Supplied material:
○ ○ ○ ○ ○

(* Consider the coordination game and let $\mathcal Z$ be the set of $z\in\{0,\tfrac1n,\dots,1\}$ such that $z=F_c\!\left(\frac{n}{n-1}(z-\epsilon)\right)$ for every $\epsilon\in(0,\tfrac1n]$. Then for each $z\in\mathcal Z$ there is exactly one Nash equilibrium $x^*$ with $z(x^* )=z$, and the number of Nash equilibria satisfies $|\mathcal N|=|\mathcal Z|$, with $1\le|\mathcal Z|\le n+1$.
   Context: Let $\mathcal V$ be a finite set of $n\ge2$ agents, all coordinating. Given real weights $d_i$, the coordination game has action set $\{-1,+1\}$, configuration space $\mathcal X=\{-1,+1\}^{\mathcal V}$ and utilities $u_i(x)=\sum_{j\neq i}x_ix_j-d_ix_i$. A (pure) Nash equilibrium is an $x\in\mathcal X$ with $u_i(x)\ge u_i(y_i,x_{-i})$ for all $i$ and $y_i\in\{-1,+1\}$; $\mathcal N$ denotes the set of Nash equilibria. Thresholds: $r_i=\tfrac12+\tfrac{d_i}{2(n-1)}$. For $x\in\mathcal X$, $z(x)=\frac1n|\{i: x_i=+1\}|$. The threshold CDF is $F_c(t)=\frac1n|\{i\in\mathcal V: r_i\le t\}|$, $t\in\mathbb R$. *)

(* Agents are 'I_n; action +1 is encoded as true, -1 as false. *)
From HB Require Import structures.
From mathcomp Require Import all_boot all_order all_algebra.
Set Implicit Arguments. Unset Strict Implicit. Unset Printing Implicit Defensive.
From Stdlib Require Import ClassicalEpsilon.
Import Order.TTheory GRing.Theory Num.Theory.
Local Open Scope ring_scope.

Definition act (R : nzRingType) (b : bool) : R := if b then 1 else -1.

Definition util (R : nzRingType) (n : nat) (d : 'I_n -> R)
    (i : 'I_n) (x : {ffun 'I_n -> bool}) : R :=
  \sum_(j < n | j != i) act R (x i) * act R (x j) - d i * act R (x i).

Definition deviate (n : nat) (x : {ffun 'I_n -> bool}) (i : 'I_n) (y : bool)
    : {ffun 'I_n -> bool} :=
  [ffun j => if j == i then y else x j].

Definition is_nash (R : realDomainType) (n : nat) (d : 'I_n -> R)
    (x : {ffun 'I_n -> bool}) : bool :=
  [forall i : 'I_n, forall y : bool, util d i (deviate x i y) <= util d i x].

Definition nash_set (R : realDomainType) (n : nat) (d : 'I_n -> R)
    : {set {ffun 'I_n -> bool}} := [set x | is_nash d x].

Definition thr (R : realFieldType) (n : nat) (d : 'I_n -> R) (i : 'I_n) : R :=
  2^-1 + d i / (2 * (n%:R - 1)).

Definition Fc (R : realFieldType) (n : nat) (d : 'I_n -> R) (t : R) : R :=
  #|[set i : 'I_n | thr d i <= t]|%:R / n%:R.

Definition zfrac (R : realFieldType) (n : nat) (x : {ffun 'I_n -> bool}) : R :=
  #|[set i : 'I_n | x i]|%:R / n%:R.

Definition pbool (P : Prop) : bool :=
  if excluded_middle_informative P then true else false.

(* The set Z, with z = k/n indexed by k : 'I_(n+1) *)
Definition Zset (R : realFieldType) (n : nat) (d : 'I_n -> R) : {set 'I_n.+1} :=
  [set k : 'I_n.+1 | pbool (forall eps : R, 0 < eps -> eps <= n%:R^-1 ->
       ((k%:R / n%:R : R) = Fc d (n%:R / (n%:R - 1) * (k%:R / n%:R - eps)))) ].

(** Writing [k] for the number of agents playing [+1], the aggregate action is
    [2k - n], so agent [i] is content with [+1] iff [d_i <= 2k - n - 1] and with
    [-1] iff [d_i >= 2k - n + 1].  Hence a Nash equilibrium is the threshold
    profile of its own count [k], and a count [k] comes from an equilibrium iff
    exactly [k] weights lie below [2k - n - 1] and none lies strictly between
    [2k - n - 1] and [2k - n + 1].  Rescaling [F_c], this is precisely the
    condition defining [Z], so sending [k] to its threshold profile is a
    bijection from [Z] onto [N].  Existence follows from the interlacing
    [A_0 <= B_0 <= A_1 <= ...] of the two families of sublevel sets: the least
    [k] with [|B_k| <= k] has [|A_k| = |B_k| = k]. *)

From HB Require Import structures.
From mathcomp Require Import all_boot all_order all_algebra.
From mathcomp Require Import ring lra zify.
From Stdlib Require Import ClassicalEpsilon.
Set Implicit Arguments. Unset Strict Implicit.
Import Order.TTheory GRing.Theory Num.Theory.
Local Open Scope ring_scope.

Lemma pboolP (P : Prop) : reflect P (pbool P).
Proof. by rewrite /pbool; case: excluded_middle_informative => h; constructor. Qed.

Lemma eq_nat_ratio (R : numFieldType) (n a b : nat) : (0 < n)%N ->
  (a%:R / n%:R == b%:R / n%:R :> R) = (a == b).
Proof.
move=> n0; have n0R : n%:R^-1 != 0 :> R by rewrite invr_eq0 pnatr_eq0 -lt0n.
by rewrite (inj_eq (mulIf n0R)) eqr_nat.
Qed.

Section Sublevel.
Variables (T : finType) (R : realDomainType) (f : T -> R).

Definition sublevel (c : R) : {set T} := [set i | f i <= c].
Definition strict_sublevel (c : R) : {set T} := [set i | f i < c].

Lemma sublevel_window (a b : R) (k : nat) : a < b ->
  (forall c, a <= c < b -> #|sublevel c| = k) <->
  #|sublevel a| = k /\ strict_sublevel b \subset sublevel a.
Proof.
move=> ab; split=> [H | [Ha sub] c /andP [ac cb]].
  have Ha : #|sublevel a| = k by apply: H; rewrite lexx ab.
  split=> //; apply/subsetP => i; rewrite !inE => fib.
  rewrite leNgt; apply/negP => afi.
  have sub : i |: sublevel a \subset sublevel (f i).
    by apply/subsetP => j; rewrite !inE => /predU1P [-> //| /le_trans ->]; rewrite ?ltW.
  have Hfi : #|sublevel (f i)| = k by apply: H; rewrite ltW ?afi.
  by have := subset_leq_card sub; rewrite cardsU1 Hfi Ha inE leNgt afi ltnn.
suff -> : sublevel c = sublevel a by [].
apply/eqP; rewrite eqEsubset; apply/andP; split.
  apply: subset_trans sub; apply/subsetP => i; rewrite !inE => /le_lt_trans; exact.
by apply/subsetP => i; rewrite !inE => /le_trans; apply.
Qed.

End Sublevel.

Lemma interlaced_fixpoint (T : finType) (A B : nat -> {set T}) :
  (forall k, A k \subset B k) -> (forall k, B k \subset A k.+1) ->
  exists2 k, #|A k| = k & B k \subset A k.
Proof.
move=> AB BA.
have smallB : exists k, (#|B k| <= k)%N by exists #|T|; apply: max_card.
case: (ex_minnP smallB) => k Bk kmin.
have cardA : #|A k| = k.
  have := subset_leq_card (AB k); case: k Bk kmin => [|k] Bk kmin; first lia.
  have : (k < #|B k|)%N by rewrite ltnNge; apply/negP => /kmin; rewrite ltnn.
  have := subset_leq_card (BA k); lia.
have eqAB : A k =i B k.
  apply/subset_cardP; last exact: AB.
  by apply/eqP; rewrite eqn_leq subset_leq_card // cardA Bk.
by exists k => //; apply/subsetP => i; rewrite eqAB.
Qed.

Section CoordinationGame.
Variables (R : realFieldType) (n : nat) (d : 'I_n -> R).

Definition npos (x : {ffun 'I_n -> bool}) : nat := #|[set i | x i]|.

Lemma npos_le x : (npos x <= n)%N.
Proof. by apply: leq_trans (max_card _) _; rewrite card_ord. Qed.

Definition aggregate (k : nat) : R := 2 * k%:R - n%:R.

Lemma sum_act (x : {ffun 'I_n -> bool}) : \sum_(j < n) act R (x j) = aggregate (npos x).
Proof.
have -> : \sum_(j < n) act R (x j) = \sum_(j < n) (2 * (x j)%:R - 1).
  by apply: eq_bigr => j _; case: (x j); rewrite /act /= ?mulr1 ?mulr0; ring.
rewrite sumrB -mulr_sumr sumr_const card_ord /aggregate /npos -sum1_card natr_sum.
rewrite [in RHS]big_mkcond /=; congr (2 * _ - _).
by apply: eq_bigr => j _; rewrite inE; case: (x j).
Qed.

Lemma util_deviate (x : {ffun 'I_n -> bool}) i y :
  util d i (deviate x i y) = act R y * (aggregate (npos x) - act R (x i) - d i).
Proof.
have -> : aggregate (npos x) - act R (x i) = \sum_(j < n | j != i) act R (x j).
  by rewrite -sum_act (bigD1 i) //= addrC addrK.
rewrite /util /deviate -mulr_sumr mulrBr !ffunE eqxx (mulrC (d i)).
by congr (_ * _ - _); apply: eq_bigr => j /negbTE ji; rewrite ffunE ji.
Qed.

Lemma deviate_id (x : {ffun 'I_n -> bool}) i : deviate x i (x i) = x.
Proof. by apply/ffunP => j; rewrite ffunE; case: eqP => [-> |]. Qed.

Lemma nashP (x : {ffun 'I_n -> bool}) : is_nash d x <->
  forall i, if x i then d i <= aggregate (npos x) - 1
            else aggregate (npos x) + 1 <= d i.
Proof.
have dev i y : util d i (deviate x i y) <= util d i x =
    (act R y * (aggregate (npos x) - act R (x i) - d i)
       <= act R (x i) * (aggregate (npos x) - act R (x i) - d i)).
  by rewrite -{2}(deviate_id x i) !util_deviate.
split=> [/forallP H i | H].
  by have /forallP/(_ (~~ x i)) := H i; rewrite dev; case: (x i); rewrite /act /=; lra.
apply/forallP => i; apply/forallP => y; rewrite dev; have := H i.
by case: (x i); case: y; rewrite /act; lra.
Qed.

Definition equilibrium_count (k : nat) : Prop :=
  #|sublevel d (aggregate k - 1)| = k /\
  strict_sublevel d (aggregate k + 1) \subset sublevel d (aggregate k - 1).

Definition profile (k : nat) : {ffun 'I_n -> bool} :=
  [ffun i => i \in sublevel d (aggregate k - 1)].

Lemma nash_profile (x : {ffun 'I_n -> bool}) : is_nash d x ->
  equilibrium_count (npos x) /\ x = profile (npos x).
Proof.
move/nashP => H.
have supp : [set i | x i] = sublevel d (aggregate (npos x) - 1).
  apply/setP => i; rewrite !inE; have := H i.
  by case: (x i) => [-> //|]; rewrite leNgt => /negbTE; lra.
split; last by apply/ffunP => i; rewrite ffunE -supp inE.
split; first by rewrite -supp.
rewrite -supp; apply/subsetP => i; rewrite !inE; have := H i.
by case: (x i) => // h; rewrite ltNge h.
Qed.

Lemma profile_nash k : equilibrium_count k ->
  is_nash d (profile k) /\ npos (profile k) = k.
Proof.
move=> [cardA sub].
have cnt : npos (profile k) = k.
  by rewrite -[RHS]cardA; apply: eq_card => i; rewrite inE ffunE.
split=> //; apply/nashP => i; rewrite cnt ffunE.
case: ifPn => [| /negP iA]; first by rewrite inE.
by rewrite leNgt; apply/negP => iB; apply: iA; apply: (subsetP sub); rewrite inE.
Qed.

Lemma exists_equilibrium_count : exists2 k, equilibrium_count k & (k <= n)%N.
Proof.
have AB k : sublevel d (aggregate k - 1) \subset strict_sublevel d (aggregate k + 1).
  by apply/subsetP => i; rewrite !inE; lra.
have BA k : strict_sublevel d (aggregate k + 1) \subset sublevel d (aggregate k.+1 - 1).
  by apply/subsetP => i; rewrite !inE /aggregate -natr1; lra.
have [k cardA sub] := interlaced_fixpoint AB BA.
by exists k; rewrite // -cardA; apply: leq_trans (max_card _) _; rewrite card_ord.
Qed.

Hypothesis n2 : (2 <= n)%N.

Lemma thr_le_rescaled i (k : nat) (eps : R) :
  (thr d i <= n%:R / (n%:R - 1) * (k%:R / n%:R - eps)) =
  (d i <= aggregate k + 1 - 2 * n%:R * eps).
Proof.
have hn : (2 : R) <= n%:R by rewrite (ler_nat R 2 n).
have c0 : n%:R - 1 != 0 :> R by rewrite subr_eq0; apply/eqP => h; rewrite h in hn; lra.
have n0 : n%:R != 0 :> R by apply/eqP => h; rewrite h in hn; lra.
rewrite -subr_le0 -[in RHS]subr_le0.
have -> : thr d i - n%:R / (n%:R - 1) * (k%:R / n%:R - eps) =
   (d i - (aggregate k + 1 - 2 * n%:R * eps)) / (2 * (n%:R - 1)).
  by rewrite /thr /aggregate; field; rewrite c0 n0.
by rewrite pmulr_lle0 // invr_gt0; lra.
Qed.

(** [eps] in [(0, 1/n]] corresponds to the cut-off [c = 2k - n + 1 - 2 n eps]
    in [[2k - n - 1, 2k - n + 1)]. *)
Lemma Zset_sublevelP (k : 'I_n.+1) : k \in Zset d <->
  forall c, aggregate k - 1 <= c < aggregate k + 1 -> #|sublevel d c| = k.
Proof.
have n0 : (0 < n)%N by apply: leq_trans n2.
have np : 0 < n%:R :> R by rewrite ltr0n.
have cut eps : [set i | thr d i <= n%:R / (n%:R - 1) * (k%:R / n%:R - eps)] =
               sublevel d (aggregate k + 1 - 2 * n%:R * eps).
  by apply/setP => i; rewrite !inE thr_le_rescaled.
have Fc_eq eps : (k%:R / n%:R = Fc d (n%:R / (n%:R - 1) * (k%:R / n%:R - eps)))
    <-> #|sublevel d (aggregate k + 1 - 2 * n%:R * eps)| = k.
  by rewrite /Fc -cut; split=> [/eqP | ->]; rewrite ?eq_nat_ratio // => /eqP.
rewrite inE; split=> [/pboolP H c /andP [c1 c2] | H]; last first.
  apply/pboolP => eps e0 e1; apply/Fc_eq/H.
  have : eps * n%:R <= 1 by rewrite -ler_pdivlMr // mul1r.
  nra.
pose eps := (aggregate k + 1 - c) / (2 * n%:R).
have -> : c = aggregate k + 1 - 2 * n%:R * eps by rewrite /eps; field; lra.
apply/Fc_eq/H; rewrite /eps; first by rewrite divr_gt0 ?mulr_gt0 //; lra.
by rewrite ler_pdivrMr ?mulr_gt0 // mulrCA mulVf ?mulr1; lra.
Qed.

Lemma ZsetP (k : 'I_n.+1) : k \in Zset d <-> equilibrium_count k.
Proof.
rewrite Zset_sublevelP sublevel_window; first by [].
by rewrite ltrD2l; lra.
Qed.

Lemma nash_setE : nash_set d = [set profile k | k : 'I_n.+1 in Zset d].
Proof.
apply/setP => x; rewrite inE; apply/idP/imsetP => [/nash_profile [eqc ->] | [k kZ ->]].
  have kx : (inord (npos x) : 'I_n.+1) = npos x :> nat by rewrite inordK // ltnS npos_le.
  by exists (inord (npos x)); rewrite ?kx //; apply/ZsetP; rewrite kx.
by have [] := profile_nash (proj1 (ZsetP k) kZ).
Qed.

End CoordinationGame.

Theorem mainTheorem4 (R : realFieldType) (n : nat) (d : 'I_n -> R) :
  (2 <= n)%N ->
  (forall k : 'I_n.+1, k \in Zset d ->
     exists! x : {ffun 'I_n -> bool},
       x \in nash_set d /\ zfrac R x = k%:R / n%:R) /\
  #|nash_set d| = #|Zset d| /\
  (1 <= #|Zset d| <= n.+1)%N.
Proof.
move=> n2; have n0 : (0 < n)%N by apply: leq_trans n2.
have zfracE (x : {ffun 'I_n -> bool}) (k : nat) : (zfrac R x = k%:R / n%:R) <-> npos x = k.
  by rewrite /zfrac; split=> [/eqP|<-]; rewrite ?eq_nat_ratio // => /eqP.
have profile_inj : {in Zset d &, injective (fun k : 'I_n.+1 => profile d k)}.
  move=> k l /ZsetP-/(_ n2)/profile_nash[_ nk] /ZsetP-/(_ n2)/profile_nash[_ nl] eqkl.
  by apply/val_inj; rewrite /= -nk -nl eqkl.
split; [|split].
- move=> k /ZsetP-/(_ n2) /profile_nash [kN nk]; exists (profile d k).
  split; first by rewrite inE zfracE.
  by move=> y [yN /zfracE yk]; rewrite inE in yN; rewrite (proj2 (nash_profile yN)) yk.
- by rewrite nash_setE // (card_in_imset profile_inj).
- have [k eqk kn] := exists_equilibrium_count d.
  apply/andP; split; last by apply: leq_trans (max_card _) _; rewrite card_ord.
  by rewrite card_gt0; apply/set0Pn; exists (inord k); apply/ZsetP; rewrite ?inordK.
Qed.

○ ○ ○ ○ ○

Problem details: All that is wanted is an exact copy of the lines above from the one with "have kx : (inord" through the one with "split; first by rewrite inE zfracE.", with both ends included.

Solution:
  have kx : (inord (npos x) : 'I_n.+1) = npos x :> nat by rewrite inordK // ltnS npos_le.
  by exists (inord (npos x)); rewrite ?kx //; apply/ZsetP; rewrite kx.
by have [] := profile_nash (proj1 (ZsetP k) kZ).
Qed.

End CoordinationGame.

Theorem mainTheorem4 (R : realFieldType) (n : nat) (d : 'I_n -> R) :
  (2 <= n)%N ->
  (forall k : 'I_n.+1, k \in Zset d ->
     exists! x : {ffun 'I_n -> bool},
       x \in nash_set d /\ zfrac R x = k%:R / n%:R) /\
  #|nash_set d| = #|Zset d| /\
  (1 <= #|Zset d| <= n.+1)%N.
Proof.
move=> n2; have n0 : (0 < n)%N by apply: leq_trans n2.
have zfracE (x : {ffun 'I_n -> bool}) (k : nat) : (zfrac R x = k%:R / n%:R) <-> npos x = k.
  by rewrite /zfrac; split=> [/eqP|<-]; rewrite ?eq_nat_ratio // => /eqP.
have profile_inj : {in Zset d &, injective (fun k : 'I_n.+1 => profile d k)}.
  move=> k l /ZsetP-/(_ n2)/profile_nash[_ nk] /ZsetP-/(_ n2)/profile_nash[_ nl] eqkl.
  by apply/val_inj; rewrite /= -nk -nl eqkl.
split; [|split].
- move=> k /ZsetP-/(_ n2) /profile_nash [kN nk]; exists (profile d k).
  split; first by rewrite inE zfracE.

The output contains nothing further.